Your objective -> Retype exactly, and only, the lines from the one that contains "is_weight_function G w" through the final line of the entries.

---------- Dataset content ----------

(* Let $(G,w)$ be a weighted trigraph and let $(A,B,C)$ be a cut-partition of $G$. For each $X\in\{A,B\}$, let $G_X$ be a trigraph obtained from $G[X\cup C]$ by turning some (possibly none) of the strongly anti-adjacent pairs of $G[X\cup C]$ into semi-adjacent pairs (so that $w$ restricted to $D(G_X)$ is a weight function for $G_X$). For every $C'\subseteq C$ set $\alpha_{A\cup C'}=\alpha(\mathrm{Red}[G_A,w;A\cup C'])+\mathrm{Ext}[G_A,w;A\cup C']$. Let $k\in\mathbb N$ and let $w_B$ be a weight function for $G_B$ such that: $w_B(u)=w(u)$ for all $u\in B$; $w_B(u,v)=w(u,v)$, $w_B(v,u)=w(v,u)$ and $w_B(uv)=w(uv)$ for all $uv\in\binom{B\cup C}{2}\setminus\binom{C}{2}$; and $\llbracket S_C\rrbracket_{(G_B[C],w_B)}=\alpha_{A\cup S_C}-k$ for every $S_C\subseteq C$ that is a stable set of $G_B$. Then $\alpha(G,w)=k+\alpha(G_B,w_B)$.
   Context: A trigraph $G$ consists of a finite vertex set $V(G)$ and an adjacency function $\theta_G:\binom{V(G)}{2}\to\{-1,0,1\}$; for distinct $u,v$ write $uv$ for $\{u,v\}$. The pair $uv$ is strongly adjacent if $\theta_G(uv)=1$, semi-adjacent if $\theta_G(uv)=0$, strongly anti-adjacent if $\theta_G(uv)=-1$; $u,v$ are anti-adjacent if $\theta_G(uv)\le 0$. A stable set is a set of pairwise anti-adjacent vertices. For $X\subseteq V(G)$, $G[X]$ is the trigraph on $X$ with the restricted adjacency function. $\mathbb N$ denotes the non-negative integers. For a trigraph $G$ let $D(G)=V(G)\cup\{(u,v):u,v\in V(G),u\neq v\}\cup\binom{V(G)}{2}$. A weight function for $G$ is a map $w:D(G)\to\mathbb N$ such that for all distinct $u,v$: if $uv$ is not semi-adjacent then $w(u,v)=w(v,u)=w(uv)=0$, and $w(u,v)\le w(uv)$. A weighted trigraph is a pair $(G,w)$ with $w$ a weight function for $G$; for $X\subseteq V(G)$, $(G[X],w)$ denotes $(G[X],w|_{D(G[X])})$. The weight of $S\subseteq V(G)$ is $\llbracket S\rrbracket_{(G,w)}=\sum_{u\in S}w(u)+\sum_{u\in S}\sum_{v\in V(G)\setminus S}w(u,v)+\sum_{uv\in\binom{V(G)\setminus S}{2}}w(uv)$, and $\alpha(G,w)=\max\{\llbracket S\rrbracket_{(G,w)}: S \text{ a stable set of } G\}$. For $R\subseteq V(G)$, the reduction $\mathrm{Red}[G,w;R]$ is the weighted trigraph $(G[R],w')$ where $w'(u)=\max\{w(u)-\sum_{v\in V(G)\setminus R}(w(uv)-w(u,v)),0\}$ for $u\in R$, and $w'(u,v)=w(u,v)$, $w'(uv)=w(uv)$ for distinct $u,v\in R$. The exterior weight is $\mathrm{Ext}[G,w;R]=\sum_{uv\in\binom{V(G)\setminus R}{2}}w(uv)+\sum_{u\in R}\sum_{v\in V(G)\setminus R}w(uv)$. A cut-partition of $G$ is a partition $(A,B,C)$ of $V(G)$ with $A,B$ non-empty ($C$ possibly empty) such that every vertex of $A$ is strongly anti-adjacent to every vertex of $B$. *)

From HB Require Import structures.
From mathcomp Require Import all_boot all_order all_algebra.
Set Implicit Arguments. Unset Strict Implicit. Unset Printing Implicit Defensive.
Import GRing.Theory Num.Theory.

(* Vertices live in an ambient finite type T; a trigraph has a finite vertex
   set V(G) : {set T} and an adjacency function on unordered pairs, where an
   unordered pair {u,v} is the 2-element set [set u; v]. Only the values of
   tadj on 2-subsets of V(G) are meaningful. *)
Record trigraph (T : finType) := Trigraph {
  tverts : {set T};
  tadj : {set T} -> int }.

(* A weight map: values on vertices, on ordered pairs (u,v), and on unordered
   pairs {u,v}.  Only values on D(G) are meaningful. *)
Record weight (T : finType) := Weight {
  wv : T -> nat;
  wo : T -> T -> nat;
  wu : {set T} -> nat }.

Definition pairs2 (T : finType) (X : {set T}) : {set {set T}} :=
  [set e : {set T} | (e \subset X) && (#|e| == 2)].

Definition is_trigraph (T : finType) (G : trigraph T) : Prop :=
  forall e, e \in pairs2 (tverts G) ->
    tadj G e \in [:: (-1)%R; 0%R; 1%R].

Definition is_weight_function (T : finType) (G : trigraph T) (w : weight T) : Prop :=
  forall u v, u \in tverts G -> v \in tverts G -> u != v ->
    (tadj G [set u; v] != 0%R ->
       [/\ wo w u v = 0, wo w v u = 0 & wu w [set u; v] = 0])
    /\ wo w u v <= wu w [set u; v].

(* G[X] : restriction of the adjacency function is implicit *)
Definition induced (T : finType) (G : trigraph T) (X : {set T}) : trigraph T :=
  Trigraph X (tadj G).

Definition stable (T : finType) (G : trigraph T) (S : {set T}) : bool :=
  (S \subset tverts G) &&
  [forall u in S, forall v in S, (u != v) ==> (tadj G [set u; v] <= 0)%R].

Definition wt (T : finType) (G : trigraph T) (w : weight T) (S : {set T}) : nat :=
  \sum_(u in S) wv w u
  + \sum_(u in S) \sum_(v in tverts G :\: S) wo w u v
  + \sum_(e in pairs2 (tverts G :\: S)) wu w e.

Definition alpha (T : finType) (G : trigraph T) (w : weight T) : nat :=
  \max_(S : {set T} | stable G S) wt G w S.

(* Red[G,w;R] = (red_graph G R, red_weight G w R).  The outer max(.,0) is
   truncated subtraction on nat; the inner differences w(uv)-w(u,v) are
   non-negative for a weight function. *)
Definition red_graph (T : finType) (G : trigraph T) (R : {set T}) : trigraph T :=
  induced G R.

Definition red_weight (T : finType) (G : trigraph T) (w : weight T) (R : {set T})
  : weight T :=
  Weight (fun u => wv w u - \sum_(v in tverts G :\: R) (wu w [set u; v] - wo w u v))
         (wo w) (wu w).

Definition ext (T : finType) (G : trigraph T) (w : weight T) (R : {set T}) : nat :=
  \sum_(e in pairs2 (tverts G :\: R)) wu w e
  + \sum_(u in R) \sum_(v in tverts G :\: R) wu w [set u; v].

Definition cut_partition (T : finType) (G : trigraph T) (A B C : {set T}) : Prop :=
  [/\ A :|: B :|: C = tverts G,
      [disjoint A & B], [disjoint A & C] & [disjoint B & C]]
  /\ [/\ A != set0, B != set0 &
      forall a b, a \in A -> b \in B -> tadj G [set a; b] = (-1)%R].

Definition relaxation (T : finType) (G : trigraph T) (X : {set T}) (H : trigraph T)
  : Prop :=
  tverts H = X /\
  forall e, e \in pairs2 X ->
    tadj H e = tadj G e \/ (tadj G e = (-1)%R /\ tadj H e = 0%R).

Definition alphaAC (T : finType) (GA : trigraph T) (w : weight T) (A C' : {set T}) : nat :=
  alpha (red_graph GA (A :|: C')) (red_weight GA w (A :|: C')) + ext GA w (A :|: C').

From mathcomp Require Import all_boot all_order all_algebra.
From mathcomp Require Import zify.
Set Implicit Arguments. Unset Strict Implicit. Unset Printing Implicit Defensive.

(* Since A and B are strongly anti-adjacent, no pair between them carries
   weight, and wB agrees with w on every pair meeting B.  Hence for S ⊆ V(G)
     [[S]]_(G,w) + [[S ∩ C]]_(G_B[C],wB)
       = [[S ∩ (A ∪ C)]]_(G[A ∪ C],w) + [[S ∩ (B ∪ C)]]_(G_B,wB).
   For S stable, the first term on the right is at most α_{A ∪ (S ∩ C)}, which
   by hypothesis is [[S ∩ C]] + k; this gives α(G,w) ≤ k + α(G_B,wB).
   Conversely, take an optimal stable set S' of G_B and an optimal stable set of
   Red[G_A,w; A ∪ (S' ∩ C)].  Discarding from the latter the vertices whose
   reduced weight was truncated to 0 leaves a set T' of weight at least
   α_{A ∪ (S' ∩ C)} in G[A ∪ C], and T' ∪ (S' ∩ B) is stable in G.  Its trace
   on C may be smaller than S' ∩ C, but growing the trace on C raises the
   weight on B ∪ C by at most the raise on C, because w(v,u) ≤ w(uv). *)

Section SetSums.
Variable T : finType.
Implicit Types (X Y : {set T}) (f : {set T} -> nat).

Lemma disjointP X Y : reflect (forall x, x \in X -> x \notin Y) [disjoint X & Y].
Proof.
rewrite disjoint_subset; apply: (iffP subsetP) => h x /h; by rewrite inE.
Qed.

Lemma sum_setU (F : T -> nat) X Y : [disjoint X & Y] ->
  \sum_(u in X :|: Y) F u = \sum_(u in X) F u + \sum_(u in Y) F u.
Proof. by move=> dXY; rewrite -bigU //; apply: eq_bigl => x; rewrite !inE. Qed.

Lemma pairs2P X e : e \in pairs2 X ->
  exists u v, [/\ u \in X, v \in X, u != v & e = [set u; v]].
Proof.
rewrite inE => /andP [sub /cards2P [u [v [uv E]]]].
by exists u, v; split => //; apply: (subsetP sub); rewrite E !inE eqxx ?orbT.
Qed.

Lemma mem_pairs2 X u v : u \in X -> v \in X -> u != v -> [set u; v] \in pairs2 X.
Proof.
move=> uX vX uv; rewrite inE cards2 uv andbT; apply/subsetP => x.
by rewrite !inE => /orP [] /eqP ->.
Qed.

Lemma pairs2_set1 (u : T) : pairs2 [set u] = set0.
Proof.
apply/setP => e; rewrite !inE; apply/negbTE/andP => [[sub /eqP c2]].
by have := subset_leq_card sub; rewrite c2 cards1.
Qed.

Lemma sum_pairs2_double f X :
  2 * \sum_(e in pairs2 X) f e = \sum_(u in X) \sum_(v in X :\ u) f [set u; v].
Proof.
rewrite (pair_big_dep (mem X) (fun u v => v \in X :\ u) (fun u v => f [set u; v])) /=.
rewrite (partition_big (fun p : T * T => [set p.1; p.2]) (mem (pairs2 X))) /=;
  last first.
  move=> [u v] /= /andP [uX]; rewrite in_setD1 => /andP [vu vX].
  by apply: mem_pairs2; rewrite // eq_sym.
rewrite big_distrr /=; apply: eq_bigr => e eX.
rewrite (eq_bigr (fun _ => f e)); last by move=> p /andP [_ /eqP ->].
rewrite sum_nat_cond_const; congr (_ * _).
have [a [b [aX bX ab ->]]] := pairs2P eX.
have nab : (a, b) != (b, a) by apply: contra ab => /eqP [->].
symmetry; transitivity #|[set (a, b); (b, a)]|; last by rewrite cards2 nab.
apply: eq_card => -[x y]; rewrite !inE /=.
apply/idP/idP.
- case/andP => /and3P [xX yx yX] /eqP Exy.
  have : x \in [set a; b] by rewrite -Exy !inE eqxx.
  have : y \in [set a; b] by rewrite -Exy !inE eqxx orbT.
  rewrite !inE !xpair_eqE => /orP [] /eqP ? /orP [] /eqP ?; subst x y;
    rewrite ?eqxx ?orbT //; by rewrite eqxx in yx.
- rewrite !xpair_eqE => /orP [] /andP [/eqP -> /eqP ->];
    rewrite aX bX ?(eq_sym b a) ab /= ?eqxx //.
  by rewrite [X in X == _]setUC.
Qed.

Lemma sum_pairs2U f X Y : [disjoint X & Y] ->
  \sum_(e in pairs2 (X :|: Y)) f e = \sum_(e in pairs2 X) f e +
    \sum_(e in pairs2 Y) f e + \sum_(u in X) \sum_(v in Y) f [set u; v].
Proof.
move=> dXY.
suff : 2 * \sum_(e in pairs2 (X :|: Y)) f e = 2 * (\sum_(e in pairs2 X) f e +
    \sum_(e in pairs2 Y) f e + \sum_(u in X) \sum_(v in Y) f [set u; v]) by lia.
have splitD (Z W : {set T}) u : u \notin W -> (Z :|: W) :\ u = (Z :\ u) :|: W.
  by move=> uW; rewrite setDUl; congr (_ :|: _); apply/setDidPl;
    rewrite disjoint_sym disjoints1.
rewrite sum_pairs2_double sum_setU //.
rewrite (eq_bigr (fun u => \sum_(v in X :\ u) f [set u; v] +
                           \sum_(v in Y) f [set u; v])); last first.
  move=> u uX; rewrite splitD ?(disjointFr dXY) // sum_setU //.
  exact: disjointWl (subsetDl _ _) dXY.
rewrite [\sum_(u in Y) _](eq_bigr (fun u => \sum_(v in X) f [set v; u] +
                                           \sum_(v in Y :\ u) f [set u; v]));
  last first.
  move=> u uY; rewrite setUC splitD ?(disjointFl dXY) ?disjoint_sym //.
  rewrite sum_setU; last by rewrite disjoint_sym; apply: disjointWr (subsetDl _ _) dXY.
  by rewrite addnC; congr (_ + _); apply: eq_bigr => v _; rewrite setUC.
rewrite !big_split /= !mulnDr !sum_pairs2_double.
rewrite [\sum_(i in Y) \sum_(v in X) _]exchange_big /=; lia.
Qed.

End SetSums.

Section WeightOfSets.
Variable T : finType.
Implicit Types (G : trigraph T) (X R S : {set T}) (w : weight T).

Definition wt_on X w S : nat :=
  \sum_(u in S) wv w u
  + \sum_(u in S) \sum_(v in X :\: S) wo w u v
  + \sum_(e in pairs2 (X :\: S)) wu w e.

Lemma wtE G w S : wt G w S = wt_on (tverts G) w S.
Proof. by []. Qed.

Definition ordered_le_unordered X w : Prop :=
  {in X &, forall u v, u != v -> wo w u v <= wu w [set u; v]}.

Lemma weight_function_le G w :
  is_weight_function G w -> ordered_le_unordered (tverts G) w.
Proof. by move=> wfG u v uG vG uv; case: (wfG u v uG vG uv). Qed.

Lemma wt_on_setD1 X w S u : u \in S -> u \in X ->
  wt_on X w (S :\ u) + wv w u + \sum_(v in X :\: S) wo w u v =
  wt_on X w S + \sum_(v in S :\ u) wo w v u + \sum_(v in X :\: S) wu w [set u; v].
Proof.
move=> uS uX; rewrite /wt_on (big_setD1 u uS) /=.
rewrite [\sum_(a in S) \sum_(b in X :\: S) _](big_setD1 u uS) /=.
have -> : X :\: (S :\ u) = u |: (X :\: S).
  by apply/setP => x; rewrite !inE; case: (eqVneq x u) => [->|].
have uXS : u \notin X :\: S by rewrite !inE uS.
rewrite sum_pairs2U ?disjoints1 // pairs2_set1 big_set0 big_set1.
rewrite [\sum_(a in S :\ u) \sum_(v in _ |: _) _](eq_bigr (fun a =>
  wo w a u + \sum_(v in X :\: S) wo w a v)); last by move=> a _; rewrite big_setU1.
rewrite big_split /=; lia.
Qed.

----------

Answer area ->
  is_weight_function G w -> ordered_le_unordered (tverts G) w.
Proof. by move=> wfG u v uG vG uv; case: (wfG u v uG vG uv). Qed.

Lemma wt_on_setD1 X w S u : u \in S -> u \in X ->
  wt_on X w (S :\ u) + wv w u + \sum_(v in X :\: S) wo w u v =
  wt_on X w S + \sum_(v in S :\ u) wo w v u + \sum_(v in X :\: S) wu w [set u; v].
Proof.
move=> uS uX; rewrite /wt_on (big_setD1 u uS) /=.
rewrite [\sum_(a in S) \sum_(b in X :\: S) _](big_setD1 u uS) /=.
have -> : X :\: (S :\ u) = u |: (X :\: S).
  by apply/setP => x; rewrite !inE; case: (eqVneq x u) => [->|].
have uXS : u \notin X :\: S by rewrite !inE uS.
rewrite sum_pairs2U ?disjoints1 // pairs2_set1 big_set0 big_set1.
rewrite [\sum_(a in S :\ u) \sum_(v in _ |: _) _](eq_bigr (fun a =>
  wo w a u + \sum_(v in X :\: S) wo w a v)); last by move=> a _; rewrite big_setU1.
rewrite big_split /=; lia.
Qed.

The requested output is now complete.